THE TASK: Find the line containing "by rewrite mulrBl !divfK ?gt_eqF //; ring." in the listing below. Repeat it exactly, along with each following line up to and including the one containing "by apply: (ab_sym".

EXERCISE MATERIALS:
Theorem mainTheorem17 (d : nat) (G : list point) :
  (0 < d)%nat ->
  Forall (fun y => length y = d) G ->
  (exists Phi, is_Phi d G Phi) /\
  forall Phi, is_Phi d G Phi ->
    (forall x, In x G -> forall w, valid_word d w ->
       Phi x w =
       lsum (map (fun dd => / INR (2 * d) *
                    tmul (texp (incr d dd)) (Phi (padd x (unitv d dd))) w)
                 (dirs d))) /\
    (forall n, (2 <= n)%nat ->
       (forall x, In x G -> forall w, valid_word d w -> length w = n ->
          Lap d (fun y => Phi y w) x =
          - lsum (map (fun dd => / INR (2 * d) *
                 lsum (map (fun i => texp (incr d dd) (firstn i w) *
                                     Phi (padd x (unitv d dd)) (skipn i w))
                           (seq 1 n)))
                 (dirs d))) /\
       (forall x, boundary d G x -> forall w, valid_word d w -> length w = n ->
          Phi x w = 0)) /\
    (forall x, closure d G x ->
       Phi x [] = 1 /\ forall i, (i < d)%nat -> Phi x [i] = 0).
Proof.
  intros Hd HG. split.
  { exists (fun x w => Series (Phi_term d G x w)). intros x w _ _.
    apply is_series_Reals, Series_correct, ex_series_Phi_term; auto. }
  intros Phi HPhi.
  pose proof (Phi_recursion d G HG Phi HPhi) as Hrec.
  pose proof (is_series_Phi d G HG Phi HPhi) as Hseries.
  split; [exact Hrec|]. split.
  - intros n Hn. split.
    + intros x Hx w Hw <-. apply Lap_of_recursion, Hrec; auto.
    + intros x Hx w Hw Hwn.
      apply (is_series_unique_eq (Phi_term d G x w)); [apply Hseries; [right|]; auto|].
      apply is_series_Phi_term_outside; [apply Hx | intros ->; simpl in Hwn; lia].
  - intros x Hx. split.
    + apply (is_series_unique_eq (Phi_term d G x [])); [apply Hseries; auto; constructor|].
      apply is_series_Phi_term_nil; auto.
    + intros i Hi. apply (is_series_unique_eq (Phi_term d G x [i]));
        [apply Hseries; auto; repeat constructor; auto|].
      apply is_series_Phi_term_single; auto.
Qed.
Definition ncells : nat := (Num.truncn (2 / eta)).+1.

Lemma cell_lt x : -1 <= x <= 1 -> (cell x < ncells)%N.
Proof.
case/andP=> x_ge x_le; rewrite /cell truncn_lt_nat; last first.
  by rewrite divr_ge0 ?(ltW eta_gt0) //; lra.
have [_ lt_trunc] := andP (truncn_itv (divr_ge0 (ler0n R 2) (ltW eta_gt0))).
by apply: le_lt_trans lt_trunc; rewrite ler_pM2r ?invr_gt0 //; lra.
Qed.

Lemma eq_cell_close x y : -1 <= x -> -1 <= y -> cell x = cell y -> `|x - y| < eta.
Proof.
move=> x_ge y_ge cell_xy.
have scaled_ge0 u : -1 <= u -> 0 <= (u + 1) / eta.
  by move=> u_ge; rewrite divr_ge0 ?(ltW eta_gt0) //; lra.
have /andP[x1 x2] := truncn_itv (scaled_ge0 x x_ge).
have /andP[y1 y2] := truncn_itv (scaled_ge0 y y_ge).
move: x1 x2 y1 y2; rewrite -/(cell x) -/(cell y) cell_xy -natr1.
have -> : x - y = ((x + 1) / eta - (y + 1) / eta) * eta.
  by rewrite mulrBl !divfK ?gt_eqF //; ring.
rewrite normrM (gtr0_norm eta_gt0) gtr_pMl // ltr_norml.
set u := (x + 1) / eta; set v := (y + 1) / eta => *; apply/andP; split; lra.
Qed.

End Cells.

Section SimultaneousReturn.
Variable R : realType.
Local Notation C := R[i].

(* Dirichlet: pigeonhole on the cells of the real and imaginary parts of the
   first [#|T|.+1] powers, [T] being the type of all cell patterns. *)
Lemma unimodular_simultaneous_return m (l : 'I_m -> C) :
    (forall i, normc (l i) = 1) -> forall del : R, 0 < del ->
  exists2 d, (0 < d)%N & forall i, normc (l i ^+ d - 1) < del.
Proof.
move=> l1 del del_gt0; pose eta := del / 2.
have eta_gt0 : 0 < eta by rewrite divr_gt0.
pose part (b : bool) (z : C) := if b then complex.Re z else complex.Im z.
have part_unit b i j : -1 <= part b (l i ^+ j) <= 1.
  have [] : -1 <= complex.Re (l i ^+ j) <= 1 /\ -1 <= complex.Im (l i ^+ j) <= 1.
    by apply: normc_eq1_ReIm; rewrite normcX l1 expr1n.
  by case: b.
pose T := {ffun 'I_m * bool -> 'I_(ncells eta)}.
pose pattern (j : 'I_#|T|.+1) : T :=
  [ffun p => inord (cell eta (part p.2 (l p.1 ^+ j)))].
have /injectivePn[a [b neq_ab pattern_ab]] : ~~ injectiveb pattern.
  by apply/injectiveP => /leq_card; rewrite card_ord ltnn.
wlog lt_ab : a b neq_ab pattern_ab / (a < b)%N.
  move=> ab_sym; case: (ltngtP a b) => [|gt_ab|/val_inj eq_ab]; first exact: ab_sym.
    by apply: (ab_sym b a); rewrite // eq_sym.
  by rewrite eq_ab eqxx in neq_ab.
exists (b - a)%N => [|i]; first by rewrite subn_gt0.
have close c : `|part c (l i ^+ b) - part c (l i ^+ a)| < eta.
  have := congr1 (fun f : T => val (f (i, c))) pattern_ab.
  rewrite /= !ffunE /= !inordK ?cell_lt ?part_unit // => cell_ab.
  have [[ab1 _] [bb1 _]] := (andP (part_unit c i a), andP (part_unit c i b)).
  exact: eq_cell_close.
have : normc (l i ^+ b - l i ^+ a) < del.
  apply: le_lt_trans (normc_le_ReIm _) _; rewrite ReB ImB.
  by have := close true; have := close false; rewrite /part /eta; lra.
have -> : l i ^+ b - l i ^+ a = l i ^+ a * (l i ^+ (b - a) - 1).
  by rewrite mulrBr mulr1 -exprD subnKC // ltnW.
by rewrite normcM normcX l1 expr1n mul1r.
Qed.

End SimultaneousReturn.

Lemma ler_term_sum (R : numDomainType) (I : finType) (F : I -> R) i :
  (forall j, 0 <= F j) -> F i <= \sum_j F j.
Proof. by move=> F_ge0; rewrite (bigD1 i) //= lerDl sumr_ge0. Qed.
Arguments ler_term_sum {R I} F i.

Section EntrywiseNorm.
Variable R : realType.
Local Notation C := R[i].

Definition mxnorm p q (A : 'M[C]_(p, q)) : R := \sum_i \sum_j normc (A i j).

Lemma normc_sum (I : Type) (r : seq I) (P : pred I) (F : I -> C) :
  normc (\sum_(i <- r | P i) F i) <= \sum_(i <- r | P i) normc (F i).
Proof.
elim/big_rec2: _ => [|i x y _ le_xy]; first by rewrite normc0.
by apply: le_trans (le_normcD _ _) _; rewrite lerD2l.
Qed.

Lemma mxnorm_ge0 p q (A : 'M[C]_(p, q)) : 0 <= mxnorm A.
Proof. by do 2![apply: sumr_ge0 => ? _]; exact: normc_ge0. Qed.

Lemma rownorm_le_mxnorm p q (A : 'M[C]_(p, q)) i :
  \sum_j normc (A i j) <= mxnorm A.
Proof.
apply: (ler_term_sum (fun i => \sum_j normc (A i j))) => k.
by apply: sumr_ge0 => l _; exact: normc_ge0.
Qed.

Lemma normc_le_mxnorm p q (A : 'M[C]_(p, q)) i j : normc (A i j) <= mxnorm A.
Proof.
apply: le_trans (rownorm_le_mxnorm A i).
exact: ler_term_sum (fun j => normc (A i j)) j (fun l => normc_ge0 _).
Qed.

Lemma mxnorm_gt0 p q (A : 'M[C]_(p, q)) : A != 0 -> 0 < mxnorm A.
Proof.
case/matrix0Pn => i [j] Aij_neq0; apply: lt_le_trans (normc_le_mxnorm A i j).
by rewrite lt_def normc_ge0 andbT; apply: contraNneq Aij_neq0 => /eq0_normc ->.
Qed.

Lemma mxnormM p q r (A : 'M[C]_(p, q)) (B : 'M[C]_(q, r)) :
  mxnorm (A *m B) <= mxnorm A * mxnorm B.
Proof.
apply: (@le_trans _ _ (\sum_i \sum_j \sum_k normc (A i k) * normc (B k j))).
  do 2![apply: ler_sum => ? _]; rewrite mxE; apply: le_trans (normc_sum _ _ _) _.
  by apply: ler_sum => k _; rewrite normcM.
rewrite /mxnorm mulr_suml; apply: ler_sum => i _.
rewrite exchange_big /= mulr_suml; apply: ler_sum => k _.
rewrite -mulr_sumr; apply: ler_wpM2l; [exact: normc_ge0 | exact: rownorm_le_mxnorm].
Qed.

Lemma mxnorm_diag k (s : 'rV[C]_k) : mxnorm (diag_mx s) = \sum_i normc (s 0 i).
Proof.
apply: eq_bigr => i _; rewrite (bigD1 i) //= big1 => [|j neq_ji].
  by rewrite mxE eqxx mulr1n addr0.
by rewrite mxE eq_sym (negPf neq_ji) mulr0n normc0.
Qed.

End EntrywiseNorm.

Lemma diag_mxX (F : pzRingType) n (s : 'rV[F]_n) d :
  diag_mx s ^+ d = diag_mx (\row_i (s 0 i ^+ d)).
Proof.
elim: d => [|d IHd]; apply/matrixP => i j.
  by rewrite expr0 !mxE; case: (i == j).
rewrite exprS IHd -mulmxE mul_diag_mx !mxE.
by case: (i == j); rewrite ?mulr0n ?mulr0 // exprS.
Qed.

Lemma eigenvalue_diag_mx (F : fieldType) n (s : 'rV[F]_n) i :
  eigenvalue (diag_mx s) (s 0 i).
Proof.
apply/eigenvalueP; exists (delta_mx 0 i).
  apply/matrixP => a b; rewrite mul_mx_diag !mxE.
  by case: (b =P i) => [->|_]; rewrite ?andbT ?andbF ?mul0r ?mulr0 // mulrC.
by apply/eqP => /matrixP /(_ 0 i); rewrite !mxE !eqxx; exact/eqP/oner_neq0.
Qed.

Lemma unitmx_conjX (F : fieldType) n (P A : 'M[F]_n.+1) d : P \in unitmx ->
  (invmx P *m A *m P) ^+ d = invmx P *m A ^+ d *m P.
Proof.
move=> P_unit; elim: d => [|d IHd]; first by rewrite !expr0 mulmx1 mulVmx.
rewrite !exprS IHd -!mulmxE !mulmxA; congr (_ *m _).
by rewrite -[_ *m P *m invmx P]mulmxA mulmxV // mulmx1.
Qed.

Section UnimodularDiagonalizable.
Variables (R : realType) (k : nat) (g : 'M[R[i]]_k.+1).
Hypotheses (g_diag : diagonalizable g)
  (g_eig : forall a : R[i], eigenvalue g a -> `|a| = 1).

Lemma unimodular_diagonalization : exists P (r : 'rV[R[i]]_k.+1),
  [/\ P \in unitmx, forall i, normc (r 0 i) = 1 & g = invmx P *m diag_mx r *m P].
Proof.
case: g_diag => P P_unit /diag_mxP[r gPr]; exists P, r; split => //; last first.
  by rewrite -gPr conjumx // !mulmxA mulVmx // mul1mx mulmxKV.
move=> i; apply: complexI; apply: g_eig.
apply: (eigenvalue_conjmx (V := P)); rewrite ?stablemx_unit ?row_free_unit //.
by rewrite [conjmx _ _]gPr; exact: eigenvalue_diag_mx.
Qed.

Lemma unimodular_pow_near1 (eps : R) : 0 < eps ->
  exists2 d, (0 < d)%N & mxnorm (g ^+ d - 1) < eps.
Proof.
move=> eps_gt0; have [P [r [P_unit r1 gE]]] := unimodular_diagonalization.
pose M := mxnorm (invmx P) * mxnorm P * k.+1%:R.
have M_ge0 : 0 <= M by rewrite !mulr_ge0 ?mxnorm_ge0.
have del_gt0 : 0 < eps / (M + 1) by rewrite divr_gt0 // ltr_wpDl.
have [d d_gt0 rd_near1] := unimodular_simultaneous_return r1 del_gt0.
exists d => //.
have -> : g ^+ d - 1 = invmx P *m diag_mx (\row_i (r 0 i ^+ d - 1)) *m P.
  have one_conj : 1 = invmx P *m 1%:M *m P by rewrite mulmx1 mulVmx.
  rewrite gE unitmx_conjX // [in LHS]one_conj -mulmxBl -mulmxBr.
  congr (_ *m _ *m _).
  by rewrite diag_mxX -diag_const_mx -raddfB; congr diag_mx; apply/matrixP => ? ?; rewrite !mxE.
apply: le_lt_trans (mxnormM _ _) _.
apply: (@le_lt_trans _ _ (M * (eps / (M + 1)))); last first.
  by rewrite mulrA ltr_pdivrMr ?ltr_wpDl //; nra.
rewrite /M -mulrA mulrAC; apply: ler_wpM2r; first exact: mxnorm_ge0.
apply: le_trans (mxnormM _ _) _; apply: ler_wpM2l; first exact: mxnorm_ge0.
rewrite mxnorm_diag.
under eq_bigr do rewrite mxE.
apply: le_trans (ler_sum _ (fun i _ => ltW (rd_near1 i))) _.
by rewrite sumr_const card_ord mulr_natl.
Qed.

End UnimodularDiagonalizable.

Section ProjectiveEquivalence.
Variables (R : realType) (n : nat).
Implicit Types A B D : 'M[R[i]]_n.+1.

Lemma mx_peq_refl A : mx_peq A A.
Proof. by exists 1; rewrite oner_neq0 scale1r. Qed.

Lemma mx_peq_sym A B : mx_peq A B -> mx_peq B A.
Proof.
by case=> c [c_neq0 ->]; exists c^-1; rewrite invr_eq0 scalerA mulVf ?scale1r.
Qed.

Lemma mx_peq_trans A B D : mx_peq A B -> mx_peq B D -> mx_peq A D.
Proof.
case=> b [b_neq0 ->] [c [c_neq0 ->]].
by exists (c * b); rewrite mulf_neq0 ?scalerA.
Qed.

Lemma sub_pclosure (S : pvec R n -> Prop) y : y != 0 -> S y -> pclosure S y.
Proof.
move=> y_neq0 Sy; exists (fun=> y); split=> //; split=> //; split=> //.
exists (fun=> 1); split=> [_|e e_gt0]; first exact: oner_neq0.
by exists 0%N => m _ i; rewrite scale1r subrr normr0.
Qed.

End ProjectiveEquivalence.

Lemma pcvg_near1 (R : realType) k (h : nat -> 'M[R[i]]_k.+1) (y : pvec R k) :
    y != 0 -> (forall m, h m \in unitmx) ->
    (forall m, mxnorm (h m - 1) < m.+1%:R^-1) ->
  pcvg (fun m => h m *m y) y.
Proof.
move=> y_neq0 h_unit h_near1; split=> //; split.
  by move=> m; apply: contraNneq y_neq0 => hy0; rewrite -(mulKmx (h_unit m) y) hy0 mulmx0.
exists (fun=> 1); split=> [_|e e_gt0]; first exact: oner_neq0.
have e_gt0' : 0 < complex.Re e by case: e e_gt0 => a b; rewrite ltcE => /andP[].
pose N := Num.truncn (mxnorm y / complex.Re e).
have /andP[_] := truncn_itv (divr_ge0 (mxnorm_ge0 y) (ltW e_gt0')).
rewrite -/N ltr_pdivrMr // => y_lt_N.
exists N => m le_Nm i; rewrite scale1r; apply: normc_ltC => //.
have -> : (h m *m y) i 0 - y i 0 = ((h m - 1) *m y) i 0 by rewrite mulmxBl mul1mx !mxE.
apply: le_lt_trans (normc_le_mxnorm _ _ _) _; apply: le_lt_trans (mxnormM _ _) _.
apply: (@le_lt_trans _ _ (m.+1%:R^-1 * mxnorm y)).
  by apply: ler_wpM2r; [exact: mxnorm_ge0 | exact: ltW].
rewrite mulrC ltr_pdivrMr ?ltr0Sn //; apply: lt_le_trans y_lt_N _.
by rewrite mulrC ler_pM2l // ler_nat.
Qed.

Section InfiniteOrder.
Variables (R : realType) (k : nat) (g : 'M[R[i]]_k.+1).
Hypotheses (g_unit : g \in unitmx) (g_inf : ~ psl_finite_order g).

Lemma pow_neq_scalar d c : (0 < d)%N -> g ^+ d != c%:M.
Proof. by move=> d_gt0; apply/eqP => gd; apply: g_inf; exists d; split=> //; exists c. Qed.

Lemma pw_distinct_pow (kk : nat -> nat) :
  {homo kk : i j / (i < j)%N} -> pw_distinct (fun m => g ^+ kk m).
Proof.
move=> kk_mono.
suff lt_distinct i j : (i < j)%N -> ~ mx_peq (g ^+ kk i) (g ^+ kk j).
  move=> i j /eqP; case: ltngtP => // [/lt_distinct //|gt_ij _ /mx_peq_sym].
  exact: lt_distinct.
move=> /kk_mono lt_kk [c [_ gkk]].
have /eqP[] := pow_neq_scalar c (etrans (subn_gt0 _ _) lt_kk).
have gi_unit : g ^+ kk i \in unitmx by exact: unitrX.
apply: (mulrI gi_unit).
by rewrite -exprD (subnKC (ltnW lt_kk)) gkk -mul_mx_scalar.
Qed.

Hypotheses (g_diag : diagonalizable g)
  (g_eig : forall a : R[i], eigenvalue g a -> `|a| = 1).

Lemma unimodular_pow_near1_gt N (eps : R) : 0 < eps ->
  exists2 d, (N < d)%N & mxnorm (g ^+ d - 1) < eps.
Proof.
elim: N eps => [|N IHN] eps eps_gt0; first exact: unimodular_pow_near1.
have gN_gt0 : 0 < mxnorm (g ^+ N.+1 - 1).
  by rewrite mxnorm_gt0 // subr_eq0 (pow_neq_scalar 1 (ltn0Sn N)).
have [d lt_Nd near_min] := IHN (Num.min eps (mxnorm (g ^+ N.+1 - 1)))
  ltac:(by rewrite lt_min eps_gt0).
move: near_min; rewrite lt_min => /andP[near_d closer_d]; exists d => //.
by rewrite ltn_neqAle lt_Nd andbT; apply: contraTneq closer_d => ->; rewrite ltxx.
Qed.

Lemma pow_seq_to1 : exists kk : nat -> nat,
  {homo kk : i j / (i < j)%N} /\ forall m, mxnorm (g ^+ kk m - 1) < m.+1%:R^-1.
Proof.
have next N m : exists d, (N < d)%N && (mxnorm (g ^+ d - 1) < m.+1%:R^-1).
  have [d lt_Nd near_d] := @unimodular_pow_near1_gt N m.+1%:R^-1 ltac:(by rewrite invr_gt0).
  by exists d; rewrite lt_Nd near_d.
pose fix kk m := xchoose (next (if m is m'.+1 then kk m' else 0%N) m).
have kkP m : ((if m is m'.+1 then kk m' else 0) < kk m)%N &&
    (mxnorm (g ^+ kk m - 1) < m.+1%:R^-1) by case: m => [|m]; exact: (xchooseP (next _ _)).
exists kk; split=> [|m]; last by case/andP: (kkP m).
apply: (homo_ltn (r := fun a b => (a < b)%N)) => [? ? ?|m]; first exact: ltn_trans.
by case/andP: (kkP m.+1).
Qed.

Lemma infinite_order_Lambda y : y != 0 -> Lambda (cyclic_grp g) y.
Proof.
move=> y_neq0; have [kk [kk_mono kk_near1]] := pow_seq_to1.
apply: sub_pclosure => //; exists y; split=> //; exists (fun m => g ^+ kk m).
split; first by move=> m; exists (kk m)%:Z; exact: mx_peq_refl.
split; first exact: pw_distinct_pow.
by apply: pcvg_near1 => // m; exact: unitrX.
Qed.

End InfiniteOrder.

Section FiniteOrder.
Variables (R : realType) (k : nat) (g : 'M[R[i]]_k.+1).
Hypotheses (g_unit : g \in unitmx) (g_fin : psl_finite_order g).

RESPONSE:
  by rewrite mulrBl !divfK ?gt_eqF //; ring.
rewrite normrM (gtr0_norm eta_gt0) gtr_pMl // ltr_norml.
set u := (x + 1) / eta; set v := (y + 1) / eta => *; apply/andP; split; lra.
Qed.

End Cells.

Section SimultaneousReturn.
Variable R : realType.
Local Notation C := R[i].

(* Dirichlet: pigeonhole on the cells of the real and imaginary parts of the
   first [#|T|.+1] powers, [T] being the type of all cell patterns. *)
Lemma unimodular_simultaneous_return m (l : 'I_m -> C) :
    (forall i, normc (l i) = 1) -> forall del : R, 0 < del ->
  exists2 d, (0 < d)%N & forall i, normc (l i ^+ d - 1) < del.
Proof.
move=> l1 del del_gt0; pose eta := del / 2.
have eta_gt0 : 0 < eta by rewrite divr_gt0.
pose part (b : bool) (z : C) := if b then complex.Re z else complex.Im z.
have part_unit b i j : -1 <= part b (l i ^+ j) <= 1.
  have [] : -1 <= complex.Re (l i ^+ j) <= 1 /\ -1 <= complex.Im (l i ^+ j) <= 1.
    by apply: normc_eq1_ReIm; rewrite normcX l1 expr1n.
  by case: b.
pose T := {ffun 'I_m * bool -> 'I_(ncells eta)}.
pose pattern (j : 'I_#|T|.+1) : T :=
  [ffun p => inord (cell eta (part p.2 (l p.1 ^+ j)))].
have /injectivePn[a [b neq_ab pattern_ab]] : ~~ injectiveb pattern.
  by apply/injectiveP => /leq_card; rewrite card_ord ltnn.
wlog lt_ab : a b neq_ab pattern_ab / (a < b)%N.
  move=> ab_sym; case: (ltngtP a b) => [|gt_ab|/val_inj eq_ab]; first exact: ab_sym.
    by apply: (ab_sym b a); rewrite // eq_sym.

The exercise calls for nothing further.